[Data entries]
-- Opening Marker --
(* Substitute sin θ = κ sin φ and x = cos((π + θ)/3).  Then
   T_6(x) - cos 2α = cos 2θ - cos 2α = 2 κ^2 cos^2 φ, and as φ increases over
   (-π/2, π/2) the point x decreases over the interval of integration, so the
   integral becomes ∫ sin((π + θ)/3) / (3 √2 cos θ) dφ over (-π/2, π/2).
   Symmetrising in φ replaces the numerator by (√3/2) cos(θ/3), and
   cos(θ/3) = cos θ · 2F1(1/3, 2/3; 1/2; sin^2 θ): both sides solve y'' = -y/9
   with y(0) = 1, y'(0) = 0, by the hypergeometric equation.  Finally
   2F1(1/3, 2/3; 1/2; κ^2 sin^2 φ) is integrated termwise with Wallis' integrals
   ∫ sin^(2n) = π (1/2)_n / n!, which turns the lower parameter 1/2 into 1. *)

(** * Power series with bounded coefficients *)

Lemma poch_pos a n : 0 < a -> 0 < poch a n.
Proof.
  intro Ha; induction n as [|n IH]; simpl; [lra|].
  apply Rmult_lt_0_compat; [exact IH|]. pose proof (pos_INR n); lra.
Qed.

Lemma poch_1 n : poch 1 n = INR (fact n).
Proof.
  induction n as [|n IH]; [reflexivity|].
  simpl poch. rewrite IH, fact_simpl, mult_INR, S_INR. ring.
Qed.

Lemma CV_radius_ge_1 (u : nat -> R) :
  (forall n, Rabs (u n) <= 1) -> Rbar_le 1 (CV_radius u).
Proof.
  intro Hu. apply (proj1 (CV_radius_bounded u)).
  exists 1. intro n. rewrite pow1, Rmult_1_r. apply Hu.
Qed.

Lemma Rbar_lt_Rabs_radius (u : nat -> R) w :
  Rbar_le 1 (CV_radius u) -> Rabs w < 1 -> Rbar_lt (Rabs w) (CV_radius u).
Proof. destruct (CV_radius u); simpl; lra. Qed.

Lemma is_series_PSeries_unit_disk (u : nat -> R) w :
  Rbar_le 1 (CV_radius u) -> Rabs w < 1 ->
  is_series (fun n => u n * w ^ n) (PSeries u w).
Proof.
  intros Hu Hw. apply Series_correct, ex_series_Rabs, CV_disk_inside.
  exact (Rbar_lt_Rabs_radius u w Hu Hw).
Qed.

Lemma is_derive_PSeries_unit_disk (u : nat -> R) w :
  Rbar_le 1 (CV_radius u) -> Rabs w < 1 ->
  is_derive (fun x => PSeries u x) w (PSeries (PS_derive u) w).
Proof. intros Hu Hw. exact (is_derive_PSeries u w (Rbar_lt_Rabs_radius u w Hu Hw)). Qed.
-- Closing Marker --
-- Opening Marker --
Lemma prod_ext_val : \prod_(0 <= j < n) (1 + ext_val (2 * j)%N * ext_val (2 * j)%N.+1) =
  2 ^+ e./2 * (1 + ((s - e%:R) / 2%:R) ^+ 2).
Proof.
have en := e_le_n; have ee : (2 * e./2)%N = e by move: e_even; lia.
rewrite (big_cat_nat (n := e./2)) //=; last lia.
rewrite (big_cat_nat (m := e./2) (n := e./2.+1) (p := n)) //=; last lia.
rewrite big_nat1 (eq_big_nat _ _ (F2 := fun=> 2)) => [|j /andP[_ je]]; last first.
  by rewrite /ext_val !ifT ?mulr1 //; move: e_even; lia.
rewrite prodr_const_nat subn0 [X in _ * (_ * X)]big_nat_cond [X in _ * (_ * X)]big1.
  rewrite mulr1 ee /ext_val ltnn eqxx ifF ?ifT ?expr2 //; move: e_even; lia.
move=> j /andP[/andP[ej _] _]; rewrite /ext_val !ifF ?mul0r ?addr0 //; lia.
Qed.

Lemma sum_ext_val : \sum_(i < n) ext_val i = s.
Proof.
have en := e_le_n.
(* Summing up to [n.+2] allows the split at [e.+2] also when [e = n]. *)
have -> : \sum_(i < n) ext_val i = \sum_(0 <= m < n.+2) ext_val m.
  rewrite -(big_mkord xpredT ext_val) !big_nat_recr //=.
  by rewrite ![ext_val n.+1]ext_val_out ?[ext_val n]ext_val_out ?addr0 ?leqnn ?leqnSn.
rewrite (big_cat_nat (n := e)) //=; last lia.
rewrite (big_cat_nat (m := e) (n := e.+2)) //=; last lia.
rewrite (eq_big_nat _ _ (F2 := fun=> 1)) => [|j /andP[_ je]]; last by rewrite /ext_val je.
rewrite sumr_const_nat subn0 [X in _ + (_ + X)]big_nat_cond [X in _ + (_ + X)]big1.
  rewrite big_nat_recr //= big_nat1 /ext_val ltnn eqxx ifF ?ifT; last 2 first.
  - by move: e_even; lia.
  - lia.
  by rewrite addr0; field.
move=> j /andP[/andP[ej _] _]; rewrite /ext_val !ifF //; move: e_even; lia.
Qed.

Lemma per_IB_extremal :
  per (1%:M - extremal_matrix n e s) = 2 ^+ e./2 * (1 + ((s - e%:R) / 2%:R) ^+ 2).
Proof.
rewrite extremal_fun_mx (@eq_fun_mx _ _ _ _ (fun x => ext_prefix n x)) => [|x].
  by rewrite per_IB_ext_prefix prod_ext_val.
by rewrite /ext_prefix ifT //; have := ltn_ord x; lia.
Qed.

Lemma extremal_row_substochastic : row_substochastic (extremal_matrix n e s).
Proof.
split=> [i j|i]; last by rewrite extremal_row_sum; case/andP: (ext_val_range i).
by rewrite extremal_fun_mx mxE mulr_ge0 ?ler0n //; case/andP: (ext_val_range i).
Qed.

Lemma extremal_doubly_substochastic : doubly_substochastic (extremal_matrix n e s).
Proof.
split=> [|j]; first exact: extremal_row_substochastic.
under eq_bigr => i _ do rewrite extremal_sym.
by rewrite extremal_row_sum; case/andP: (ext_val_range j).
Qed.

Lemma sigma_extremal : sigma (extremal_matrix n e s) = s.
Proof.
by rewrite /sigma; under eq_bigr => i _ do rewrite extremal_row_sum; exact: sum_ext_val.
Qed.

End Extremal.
-- Closing Marker --
-- Opening Marker --
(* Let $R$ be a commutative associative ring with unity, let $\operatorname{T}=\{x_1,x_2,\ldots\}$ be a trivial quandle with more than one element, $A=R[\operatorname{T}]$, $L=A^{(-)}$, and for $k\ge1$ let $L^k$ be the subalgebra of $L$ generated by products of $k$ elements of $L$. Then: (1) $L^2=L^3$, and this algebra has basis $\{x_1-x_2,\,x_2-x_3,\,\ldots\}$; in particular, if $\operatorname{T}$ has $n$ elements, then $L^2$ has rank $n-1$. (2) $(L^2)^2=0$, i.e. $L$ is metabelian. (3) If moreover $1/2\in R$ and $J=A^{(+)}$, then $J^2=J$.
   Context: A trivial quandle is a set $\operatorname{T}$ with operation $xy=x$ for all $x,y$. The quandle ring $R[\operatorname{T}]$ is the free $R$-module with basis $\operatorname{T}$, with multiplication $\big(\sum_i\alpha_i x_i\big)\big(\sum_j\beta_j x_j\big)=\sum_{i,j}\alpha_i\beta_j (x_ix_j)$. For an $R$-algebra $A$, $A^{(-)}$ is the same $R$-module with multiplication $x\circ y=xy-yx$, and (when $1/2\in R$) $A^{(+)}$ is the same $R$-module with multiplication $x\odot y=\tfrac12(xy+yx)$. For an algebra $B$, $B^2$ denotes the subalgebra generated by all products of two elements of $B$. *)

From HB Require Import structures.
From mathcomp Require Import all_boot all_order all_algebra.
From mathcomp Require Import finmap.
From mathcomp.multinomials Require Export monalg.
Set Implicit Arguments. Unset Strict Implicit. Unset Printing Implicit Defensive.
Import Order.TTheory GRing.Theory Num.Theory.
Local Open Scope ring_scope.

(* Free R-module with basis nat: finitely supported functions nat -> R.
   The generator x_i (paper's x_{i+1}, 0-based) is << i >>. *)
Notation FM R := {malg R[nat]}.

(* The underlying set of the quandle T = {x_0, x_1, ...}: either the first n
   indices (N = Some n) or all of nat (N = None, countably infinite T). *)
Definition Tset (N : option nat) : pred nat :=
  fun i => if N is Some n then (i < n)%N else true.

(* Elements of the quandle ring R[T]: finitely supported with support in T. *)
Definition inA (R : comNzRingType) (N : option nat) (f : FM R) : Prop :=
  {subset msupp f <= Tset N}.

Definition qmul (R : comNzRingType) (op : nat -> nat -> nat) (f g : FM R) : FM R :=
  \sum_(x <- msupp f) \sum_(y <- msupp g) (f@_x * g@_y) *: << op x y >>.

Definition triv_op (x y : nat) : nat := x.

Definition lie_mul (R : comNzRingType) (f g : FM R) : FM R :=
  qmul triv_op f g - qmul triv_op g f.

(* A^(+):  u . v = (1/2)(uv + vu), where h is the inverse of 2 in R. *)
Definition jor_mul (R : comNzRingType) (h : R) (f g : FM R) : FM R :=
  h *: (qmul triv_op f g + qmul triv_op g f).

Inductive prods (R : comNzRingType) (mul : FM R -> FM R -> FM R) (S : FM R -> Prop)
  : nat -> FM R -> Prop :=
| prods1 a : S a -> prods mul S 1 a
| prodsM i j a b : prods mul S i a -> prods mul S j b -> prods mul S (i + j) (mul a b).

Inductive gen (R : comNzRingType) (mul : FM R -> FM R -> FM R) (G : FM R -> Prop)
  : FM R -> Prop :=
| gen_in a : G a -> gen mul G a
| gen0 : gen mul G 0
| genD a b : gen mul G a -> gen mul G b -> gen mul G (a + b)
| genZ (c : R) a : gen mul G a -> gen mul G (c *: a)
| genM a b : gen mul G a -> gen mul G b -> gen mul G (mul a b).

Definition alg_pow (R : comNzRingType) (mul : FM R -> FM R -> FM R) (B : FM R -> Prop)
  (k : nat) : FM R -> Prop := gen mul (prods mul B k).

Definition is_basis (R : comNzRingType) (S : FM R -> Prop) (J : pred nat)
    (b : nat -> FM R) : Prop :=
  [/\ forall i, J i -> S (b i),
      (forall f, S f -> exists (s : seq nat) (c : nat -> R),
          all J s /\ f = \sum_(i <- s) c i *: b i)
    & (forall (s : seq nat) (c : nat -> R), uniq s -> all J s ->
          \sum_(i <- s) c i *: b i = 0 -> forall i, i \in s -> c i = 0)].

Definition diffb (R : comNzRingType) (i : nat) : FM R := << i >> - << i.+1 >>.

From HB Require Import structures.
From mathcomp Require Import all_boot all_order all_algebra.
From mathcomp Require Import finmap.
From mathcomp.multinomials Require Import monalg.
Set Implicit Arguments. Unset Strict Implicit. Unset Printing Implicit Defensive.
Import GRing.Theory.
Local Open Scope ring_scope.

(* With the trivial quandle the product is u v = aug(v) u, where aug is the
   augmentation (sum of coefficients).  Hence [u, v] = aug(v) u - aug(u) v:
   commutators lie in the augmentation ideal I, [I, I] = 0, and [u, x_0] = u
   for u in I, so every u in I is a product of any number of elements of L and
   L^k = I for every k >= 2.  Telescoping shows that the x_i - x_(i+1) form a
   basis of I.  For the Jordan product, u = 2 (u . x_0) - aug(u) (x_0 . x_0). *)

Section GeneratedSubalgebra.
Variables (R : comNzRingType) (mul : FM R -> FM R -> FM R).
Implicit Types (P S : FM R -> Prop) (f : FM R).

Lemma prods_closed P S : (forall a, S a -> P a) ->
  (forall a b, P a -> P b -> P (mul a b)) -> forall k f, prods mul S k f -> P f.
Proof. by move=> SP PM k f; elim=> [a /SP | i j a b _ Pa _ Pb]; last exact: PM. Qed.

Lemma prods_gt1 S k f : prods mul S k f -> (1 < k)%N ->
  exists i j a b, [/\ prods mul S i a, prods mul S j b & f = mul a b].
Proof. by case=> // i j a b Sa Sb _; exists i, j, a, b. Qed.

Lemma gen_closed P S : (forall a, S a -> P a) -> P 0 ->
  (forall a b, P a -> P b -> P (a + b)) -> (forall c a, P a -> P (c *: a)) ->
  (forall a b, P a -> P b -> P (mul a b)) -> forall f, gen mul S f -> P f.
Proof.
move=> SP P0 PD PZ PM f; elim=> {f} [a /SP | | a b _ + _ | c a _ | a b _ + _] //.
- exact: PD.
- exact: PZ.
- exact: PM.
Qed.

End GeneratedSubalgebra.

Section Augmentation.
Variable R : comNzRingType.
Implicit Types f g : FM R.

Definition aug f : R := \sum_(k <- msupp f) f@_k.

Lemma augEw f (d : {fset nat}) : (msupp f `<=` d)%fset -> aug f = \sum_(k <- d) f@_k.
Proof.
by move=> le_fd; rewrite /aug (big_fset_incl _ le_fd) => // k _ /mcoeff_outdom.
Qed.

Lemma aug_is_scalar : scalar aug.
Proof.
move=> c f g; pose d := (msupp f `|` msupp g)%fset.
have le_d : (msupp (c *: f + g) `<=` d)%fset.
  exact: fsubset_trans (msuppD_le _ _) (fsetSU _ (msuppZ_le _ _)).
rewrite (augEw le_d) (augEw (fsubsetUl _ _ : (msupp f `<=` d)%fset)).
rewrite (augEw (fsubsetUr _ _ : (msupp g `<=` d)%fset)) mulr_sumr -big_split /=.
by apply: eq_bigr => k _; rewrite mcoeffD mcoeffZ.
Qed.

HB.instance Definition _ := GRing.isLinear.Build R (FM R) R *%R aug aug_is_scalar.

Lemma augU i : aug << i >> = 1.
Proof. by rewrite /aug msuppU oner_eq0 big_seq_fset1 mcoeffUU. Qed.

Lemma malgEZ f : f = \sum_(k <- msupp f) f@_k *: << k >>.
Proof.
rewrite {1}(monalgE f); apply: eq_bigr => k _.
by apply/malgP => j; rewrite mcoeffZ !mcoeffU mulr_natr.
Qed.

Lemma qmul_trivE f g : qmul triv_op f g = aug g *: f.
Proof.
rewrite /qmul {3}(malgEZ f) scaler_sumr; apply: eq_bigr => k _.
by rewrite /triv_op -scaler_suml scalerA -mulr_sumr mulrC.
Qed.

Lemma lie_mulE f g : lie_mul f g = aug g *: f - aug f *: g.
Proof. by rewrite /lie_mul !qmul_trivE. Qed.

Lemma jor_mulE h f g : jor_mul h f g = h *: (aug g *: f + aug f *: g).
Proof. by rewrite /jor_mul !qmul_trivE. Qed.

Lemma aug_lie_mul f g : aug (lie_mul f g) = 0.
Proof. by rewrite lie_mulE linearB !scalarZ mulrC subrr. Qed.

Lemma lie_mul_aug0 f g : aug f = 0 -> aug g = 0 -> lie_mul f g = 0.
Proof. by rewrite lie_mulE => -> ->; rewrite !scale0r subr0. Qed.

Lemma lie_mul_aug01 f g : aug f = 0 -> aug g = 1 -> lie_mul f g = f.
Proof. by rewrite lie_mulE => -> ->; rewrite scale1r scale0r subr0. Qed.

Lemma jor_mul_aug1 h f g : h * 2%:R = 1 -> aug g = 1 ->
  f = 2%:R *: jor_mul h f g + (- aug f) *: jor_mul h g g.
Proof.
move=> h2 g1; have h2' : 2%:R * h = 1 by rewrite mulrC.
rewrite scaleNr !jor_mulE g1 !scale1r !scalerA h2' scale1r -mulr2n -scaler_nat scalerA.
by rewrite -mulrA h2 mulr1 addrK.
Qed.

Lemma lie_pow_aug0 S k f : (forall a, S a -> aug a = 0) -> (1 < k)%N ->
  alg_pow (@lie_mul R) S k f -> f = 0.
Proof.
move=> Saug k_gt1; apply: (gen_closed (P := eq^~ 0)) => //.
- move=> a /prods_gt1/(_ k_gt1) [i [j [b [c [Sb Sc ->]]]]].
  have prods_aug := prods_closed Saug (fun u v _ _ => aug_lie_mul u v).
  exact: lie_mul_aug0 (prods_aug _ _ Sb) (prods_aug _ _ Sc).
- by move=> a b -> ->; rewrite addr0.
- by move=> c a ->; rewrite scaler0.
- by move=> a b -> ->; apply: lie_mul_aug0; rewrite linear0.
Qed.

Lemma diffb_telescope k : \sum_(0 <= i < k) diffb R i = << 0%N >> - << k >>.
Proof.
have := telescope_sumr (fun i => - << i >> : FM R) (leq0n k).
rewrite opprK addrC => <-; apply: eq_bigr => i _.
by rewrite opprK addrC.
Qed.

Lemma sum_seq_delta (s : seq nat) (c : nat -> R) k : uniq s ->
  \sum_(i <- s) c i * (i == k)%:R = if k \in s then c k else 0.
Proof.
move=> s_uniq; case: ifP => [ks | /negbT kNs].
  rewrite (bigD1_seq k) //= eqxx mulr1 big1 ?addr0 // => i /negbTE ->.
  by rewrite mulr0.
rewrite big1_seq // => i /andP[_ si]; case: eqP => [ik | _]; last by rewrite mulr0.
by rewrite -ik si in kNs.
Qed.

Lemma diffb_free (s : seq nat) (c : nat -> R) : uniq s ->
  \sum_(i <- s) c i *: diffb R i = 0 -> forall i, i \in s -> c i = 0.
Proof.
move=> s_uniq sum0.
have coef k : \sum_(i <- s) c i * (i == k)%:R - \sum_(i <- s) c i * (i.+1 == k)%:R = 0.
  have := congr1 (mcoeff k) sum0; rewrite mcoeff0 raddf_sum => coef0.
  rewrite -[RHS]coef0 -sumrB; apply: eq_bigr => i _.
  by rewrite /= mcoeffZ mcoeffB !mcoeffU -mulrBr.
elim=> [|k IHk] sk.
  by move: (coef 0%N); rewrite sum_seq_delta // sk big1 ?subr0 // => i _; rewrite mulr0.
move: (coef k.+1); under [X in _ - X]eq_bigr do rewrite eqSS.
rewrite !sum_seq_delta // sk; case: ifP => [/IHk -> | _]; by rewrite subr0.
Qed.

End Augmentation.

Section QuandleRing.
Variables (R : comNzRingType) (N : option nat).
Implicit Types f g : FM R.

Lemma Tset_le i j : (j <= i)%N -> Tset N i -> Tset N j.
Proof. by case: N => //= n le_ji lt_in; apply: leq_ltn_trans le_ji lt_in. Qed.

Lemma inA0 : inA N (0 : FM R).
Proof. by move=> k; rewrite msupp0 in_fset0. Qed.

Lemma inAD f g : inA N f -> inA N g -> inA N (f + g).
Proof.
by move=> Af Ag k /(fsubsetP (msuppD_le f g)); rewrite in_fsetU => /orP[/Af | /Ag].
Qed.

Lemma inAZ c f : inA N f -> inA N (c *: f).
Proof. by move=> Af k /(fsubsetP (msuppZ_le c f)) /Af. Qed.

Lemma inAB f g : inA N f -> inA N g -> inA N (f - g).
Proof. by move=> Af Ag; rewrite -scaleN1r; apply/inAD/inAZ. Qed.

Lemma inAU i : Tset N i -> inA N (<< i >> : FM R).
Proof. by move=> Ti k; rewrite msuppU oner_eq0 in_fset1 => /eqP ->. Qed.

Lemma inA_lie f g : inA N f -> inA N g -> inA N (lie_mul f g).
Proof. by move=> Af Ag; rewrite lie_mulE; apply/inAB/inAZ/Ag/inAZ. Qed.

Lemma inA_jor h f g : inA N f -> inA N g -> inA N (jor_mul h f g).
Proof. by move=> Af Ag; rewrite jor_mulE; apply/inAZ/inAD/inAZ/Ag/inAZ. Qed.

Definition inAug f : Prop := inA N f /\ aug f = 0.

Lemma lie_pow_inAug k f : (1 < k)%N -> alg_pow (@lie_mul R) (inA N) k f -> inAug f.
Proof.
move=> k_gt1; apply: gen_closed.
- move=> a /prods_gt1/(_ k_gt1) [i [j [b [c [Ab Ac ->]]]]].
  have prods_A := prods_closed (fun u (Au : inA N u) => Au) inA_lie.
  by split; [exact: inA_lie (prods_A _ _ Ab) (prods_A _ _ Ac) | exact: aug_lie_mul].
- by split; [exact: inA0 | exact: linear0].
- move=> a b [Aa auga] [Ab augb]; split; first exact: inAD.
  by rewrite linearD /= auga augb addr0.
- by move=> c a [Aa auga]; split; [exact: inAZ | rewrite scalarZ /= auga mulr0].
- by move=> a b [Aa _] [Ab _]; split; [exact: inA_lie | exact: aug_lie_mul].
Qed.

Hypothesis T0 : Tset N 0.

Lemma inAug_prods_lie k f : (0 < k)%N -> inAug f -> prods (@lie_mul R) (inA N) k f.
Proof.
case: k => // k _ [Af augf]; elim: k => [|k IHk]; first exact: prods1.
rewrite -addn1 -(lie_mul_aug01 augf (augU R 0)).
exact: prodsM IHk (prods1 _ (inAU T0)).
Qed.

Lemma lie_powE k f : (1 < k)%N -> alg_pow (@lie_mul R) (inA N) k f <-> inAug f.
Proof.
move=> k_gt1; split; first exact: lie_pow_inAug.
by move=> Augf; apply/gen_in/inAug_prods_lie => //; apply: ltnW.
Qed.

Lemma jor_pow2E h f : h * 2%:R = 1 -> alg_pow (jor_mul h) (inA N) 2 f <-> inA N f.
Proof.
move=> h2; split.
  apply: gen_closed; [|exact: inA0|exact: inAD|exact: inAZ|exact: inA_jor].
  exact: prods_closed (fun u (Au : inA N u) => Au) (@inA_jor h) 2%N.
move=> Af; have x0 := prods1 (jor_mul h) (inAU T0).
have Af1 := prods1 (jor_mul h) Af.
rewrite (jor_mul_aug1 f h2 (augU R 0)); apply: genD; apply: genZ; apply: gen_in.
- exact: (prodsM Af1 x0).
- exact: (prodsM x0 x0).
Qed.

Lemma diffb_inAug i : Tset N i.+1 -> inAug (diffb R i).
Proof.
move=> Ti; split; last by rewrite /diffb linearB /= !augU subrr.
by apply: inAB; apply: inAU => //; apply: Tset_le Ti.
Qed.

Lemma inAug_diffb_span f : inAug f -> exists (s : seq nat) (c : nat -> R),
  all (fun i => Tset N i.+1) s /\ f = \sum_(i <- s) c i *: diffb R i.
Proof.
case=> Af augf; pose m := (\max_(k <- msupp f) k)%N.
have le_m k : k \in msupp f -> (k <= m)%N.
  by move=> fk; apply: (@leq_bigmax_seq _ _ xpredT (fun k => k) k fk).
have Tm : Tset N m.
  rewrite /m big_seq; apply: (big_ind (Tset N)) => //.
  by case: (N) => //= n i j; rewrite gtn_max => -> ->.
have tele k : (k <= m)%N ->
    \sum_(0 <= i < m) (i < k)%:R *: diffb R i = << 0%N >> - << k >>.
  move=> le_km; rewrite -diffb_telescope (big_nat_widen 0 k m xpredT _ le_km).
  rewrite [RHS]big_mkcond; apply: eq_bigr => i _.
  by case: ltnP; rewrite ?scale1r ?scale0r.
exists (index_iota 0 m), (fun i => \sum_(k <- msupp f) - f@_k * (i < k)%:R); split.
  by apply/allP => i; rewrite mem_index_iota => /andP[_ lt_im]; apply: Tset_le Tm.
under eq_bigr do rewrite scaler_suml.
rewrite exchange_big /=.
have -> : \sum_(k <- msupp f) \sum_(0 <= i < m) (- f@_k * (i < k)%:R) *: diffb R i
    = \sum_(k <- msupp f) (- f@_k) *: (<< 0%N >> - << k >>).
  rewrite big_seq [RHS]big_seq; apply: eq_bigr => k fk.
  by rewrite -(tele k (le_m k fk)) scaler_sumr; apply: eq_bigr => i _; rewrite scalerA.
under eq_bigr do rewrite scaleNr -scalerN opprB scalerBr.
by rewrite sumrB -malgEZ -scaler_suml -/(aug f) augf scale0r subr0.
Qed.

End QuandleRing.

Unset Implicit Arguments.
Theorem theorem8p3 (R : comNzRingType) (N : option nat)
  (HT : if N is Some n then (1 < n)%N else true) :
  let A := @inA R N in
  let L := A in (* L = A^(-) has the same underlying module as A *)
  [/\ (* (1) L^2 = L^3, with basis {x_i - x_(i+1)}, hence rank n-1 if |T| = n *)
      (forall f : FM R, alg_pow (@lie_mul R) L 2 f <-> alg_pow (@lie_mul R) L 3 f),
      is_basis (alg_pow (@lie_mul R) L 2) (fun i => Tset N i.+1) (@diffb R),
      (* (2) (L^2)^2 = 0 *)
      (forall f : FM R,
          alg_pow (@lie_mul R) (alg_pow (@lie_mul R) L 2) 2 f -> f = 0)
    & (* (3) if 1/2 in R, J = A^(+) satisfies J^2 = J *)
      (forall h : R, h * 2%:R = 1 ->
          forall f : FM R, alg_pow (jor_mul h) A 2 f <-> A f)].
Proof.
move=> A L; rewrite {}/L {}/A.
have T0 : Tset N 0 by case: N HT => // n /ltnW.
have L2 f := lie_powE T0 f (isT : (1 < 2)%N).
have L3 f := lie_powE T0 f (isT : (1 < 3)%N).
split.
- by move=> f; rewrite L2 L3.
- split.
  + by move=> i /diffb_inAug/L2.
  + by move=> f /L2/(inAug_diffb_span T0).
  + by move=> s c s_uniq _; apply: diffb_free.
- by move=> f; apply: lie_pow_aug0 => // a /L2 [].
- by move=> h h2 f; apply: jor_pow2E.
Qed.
-- Closing Marker --
**Work instruction**
Please give an exact copy of the entries above, from the line with "Import GRing.Theory." down to the line with "for u in I, so", inclusive, and nothing else.

**Problem solution**
Import GRing.Theory.
Local Open Scope ring_scope.

(* With the trivial quandle the product is u v = aug(v) u, where aug is the
   augmentation (sum of coefficients).  Hence [u, v] = aug(v) u - aug(u) v:
   commutators lie in the augmentation ideal I, [I, I] = 0, and [u, x_0] = u
   for u in I, so every u in I is a product of any number of elements of L and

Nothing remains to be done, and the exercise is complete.